(Collected data)

------------------------------------------------------------

Lemma send_lim_sub_box p : send_lim p -> Y p.1 /\ 0 <= p.2 <= 1.
Proof.
move=> Cp; split.
  split => // e e0; have [n [q sq pq]] := filter_ex (Cp e e0).
  exists q.1; split; first by exists (u n) => //; case: sq => _ [].
  by rewrite /dE lte_fin; exact: dbar_lt_fst pq.
have near01 (e : R) : 0 < e -> exists2 t : R, 0 <= t <= 1 & `|p.2 - t| < e.
  move=> e0; have [n [q [q01 _] pq]] := filter_ex (Cp e e0).
  by exists q.2 => //; move: pq; apply: dbar_lt_snd.
apply/andP; split; rewrite leNgt; apply/negP => h.
- have /near01 [t /andP[t0 _]] : 0 < - p.2 by lra.
  by rewrite ltr_norml => /andP[? ?]; lra.
- have /near01 [t /andP[_ t1]] : 0 < p.2 - 1 by lra.
  by rewrite ltr_norml => /andP[? ?]; lra.
Qed.

Lemma closure_send_lim p : closure_in setT (dbar d) send_lim p -> send_lim p.
Proof.
move=> [_ clp] e e0; have e2 : 0 < e / 2 by rewrite divr_gt0.
have [c [Cc pc]] := clp _ e2.
apply: filterS (Cc _ e2) => n [q sq cq]; exists q => //.
by have := dbar_tri hd pc cq; rewrite -splitr.
Qed.

Lemma send_lim_down x t s : send_lim (x, t) -> 0 <= s <= t -> send_lim (x, s).
Proof.
move=> Cxt /andP[s0 st] e e0; apply: filterS (Cxt e e0) => n [[y t'] sq lq].
move: sq => [/andP[t0 t1] [ty cy]]; rewrite /= in t0 t1 ty cy.
(* Lowering (y, t') to height [min s t'] keeps it in [send (u n)] and moves it
   no farther from (x, s) than it was from (x, t). *)
have min_close : `|s - Num.min s t'| <= `|t - t'|.
  case: (lerP s t') => h; first by rewrite subrr normr0.
  have e1 : 0 <= s - t' by rewrite subr_ge0 ltW.
  have e2 : 0 <= t - t' by rewrite subr_ge0; apply: le_trans st; exact: ltW.
  by rewrite (ger0_norm e1) (ger0_norm e2); lra.
have min_ge0 : 0 <= Num.min s t' by rewrite le_min s0 t0.
have min_le : Num.min s t' <= t' by rewrite ge_min lexx orbT.
exists (y, Num.min s t').
  by split; [apply/andP; split => /=; lra | split => //=; lra].
by move: lq; rewrite /dbar !lte_fin /=; lra.
Qed.

Lemma send_lim_ulim (p : nat -> X * R) c :
  F [set n | send d (u n) (p n)] -> ulim (dbar d) p c -> send_lim c.
Proof.
by move=> Fp pc e e0; apply: filterS (filterI Fp (pc e e0)) => n [? ?]; exists (p n).
Qed.

Lemma send_lim_top : exists x, send_lim (x, 1).
Proof.
have /choice [x hx] : forall n, exists x, send d (u n) (x, 1).
  by move=> n; apply: (FUSC_send_top hd); exact: (hU (hu n)).1.
have [y _ xy] :=
  compact_in_ulim dE_pm hY.2 (filterE _ (fun n => (send_sub_box (hx n)).1)).
exists y; apply: (send_lim_ulim (p := fun n => (x n, 1))) (filterE _ hx) _.
by move=> e e0; apply: filterS (xy e e0) => n; rewrite /= dbar_level.
Qed.

Lemma send_lim_lift (e : R) : 0 < e -> exists2 delta : R, 0 < delta &
  forall x, send_lim (x, 0) -> exists2 z, send_lim (z, delta) & d x z < e.
Proof.
move=> e0; have e4 : 0 < e / 4 by rewrite divr_gt0.
have [delta delta0 u_delta] := heq e4.
exists delta => // x Cx.
pose A := [set n | exists2 q, send d (u n) q & (dbar d (x, 0%R) q < (e / 4)%:E)%E].
have FA : F A := Cx _ e4.
have /(partial_choice (filter_ex FA)) [z hz] : forall n, A n ->
    exists z, send d (u n) (z, delta) /\ d x z < e / 2.
  move=> n [[y t] [_ [_ cy]] xy].
  have [z uz zy] := (hausdorff_lt (u_delta _ (hu n))).2 y cy.
  move: uz; rewrite cutA_gt0 // /cut /= => uz.
  have /andP[_ uz1] := (hU (hu n)).1.1 z.
  exists z; split.
    split; first by apply/andP; split => /=; lra.
    by split => //; apply: (cut0_gt0 hd); rewrite /=; lra.
  move: zy (dbar_lt_fst xy); rewrite /dE lte_fin /= => zy xy'.
  by have := d_tri hd x y z; rewrite (d_sym hd y z); lra.
have [w _ zw] := compact_in_ulim dE_pm hY.2
  (filterS (fun n An => (send_sub_box (hz n An).1).1) FA).
exists w.
  apply: (send_lim_ulim (p := fun n => (z n, delta))) _ _.
    exact: filterS (fun n An => (hz n An).1) FA.
  by move=> e' e'0; apply: filterS (zw e' e'0) => n; rewrite /= dbar_level.
have [n [wz An]] := filter_ex (filterI (zw _ e4) FA).
have := (hz n An).2; move: wz; rewrite /= /dE lte_fin => wz xz.
by have := d_tri hd x (z n) w; rewrite (d_sym hd (z n) w); lra.
Qed.

(* [sup set0 = 0], so [lim_fuzzy] vanishes off the base of [send_lim]. *)
Definition lim_fuzzy (x : X) : R := sup [set t | send_lim (x, t)].

Lemma has_sup_send_lim x t : send_lim (x, t) -> has_sup [set t | send_lim (x, t)].
Proof.
move=> Cxt; split; first by exists t.
by exists 1 => s /send_lim_sub_box [_ /andP[]].
Qed.

Lemma send_lim_lim_fuzzy x : send_lim (x, 0) -> send_lim (x, lim_fuzzy x).
Proof.
move=> C0; apply: closure_send_lim; split => // e e0.
have [t Ct lt] := sup_adherent e0 (has_sup_send_lim C0).
have tle := sup_upper_bound (has_sup_send_lim C0) Ct.
exists (x, t); split => //.
by rewrite /dbar /lim_fuzzy (d_xx hd) add0r lte_fin /= ger0_norm ?subr_ge0 //; lra.
Qed.

Lemma send_limP x t :
  send_lim (x, t) <-> [/\ 0 <= t, send_lim (x, 0) & t <= lim_fuzzy x].
Proof.
split=> [Ct|[t0 C0 tv]]; last first.
  by apply: send_lim_down (send_lim_lim_fuzzy C0) _; rewrite t0 tv.
have /andP[t0 _] := (send_lim_sub_box Ct).2.
split => //; first by apply: send_lim_down Ct _; rewrite lexx t0.
exact: (sup_upper_bound (has_sup_send_lim Ct)) Ct.
Qed.

Lemma lim_fuzzy_eq0 x : ~ send_lim (x, 0) -> lim_fuzzy x = 0.
Proof.
move=> C0; rewrite /lim_fuzzy (_ : [set t | _] = set0) ?sup0 //.
by apply/seteqP; split => // t /send_limP [_ /C0].
Qed.

Lemma lim_fuzzy_gt0 x : 0 < lim_fuzzy x -> send_lim (x, 0).
Proof. by move=> vx; apply: contrapT => /lim_fuzzy_eq0 v0; move: vx; rewrite v0 ltxx. Qed.

Lemma is_fuzzy_lim_fuzzy : is_fuzzy lim_fuzzy.
Proof.
move=> x; have [C0|nC0] := pselect (send_lim (x, 0)).
  exact: (send_lim_sub_box (send_lim_lim_fuzzy C0)).2.
by rewrite lim_fuzzy_eq0 // lexx ler01.
Qed.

------------------------------------------------------------

INSTRUCTIONS FOR THE TASK:
Could you restate, word for word, the lines above from the one with "by rewrite /dbar" to the one with "have /andP[t0 _] := (send_lim_sub_box Ct).2.", both included?

TASK OUTPUT:
by rewrite /dbar /lim_fuzzy (d_xx hd) add0r lte_fin /= ger0_norm ?subr_ge0 //; lra.
Qed.

Lemma send_limP x t :
  send_lim (x, t) <-> [/\ 0 <= t, send_lim (x, 0) & t <= lim_fuzzy x].
Proof.
split=> [Ct|[t0 C0 tv]]; last first.
  by apply: send_lim_down (send_lim_lim_fuzzy C0) _; rewrite t0 tv.
have /andP[t0 _] := (send_lim_sub_box Ct).2.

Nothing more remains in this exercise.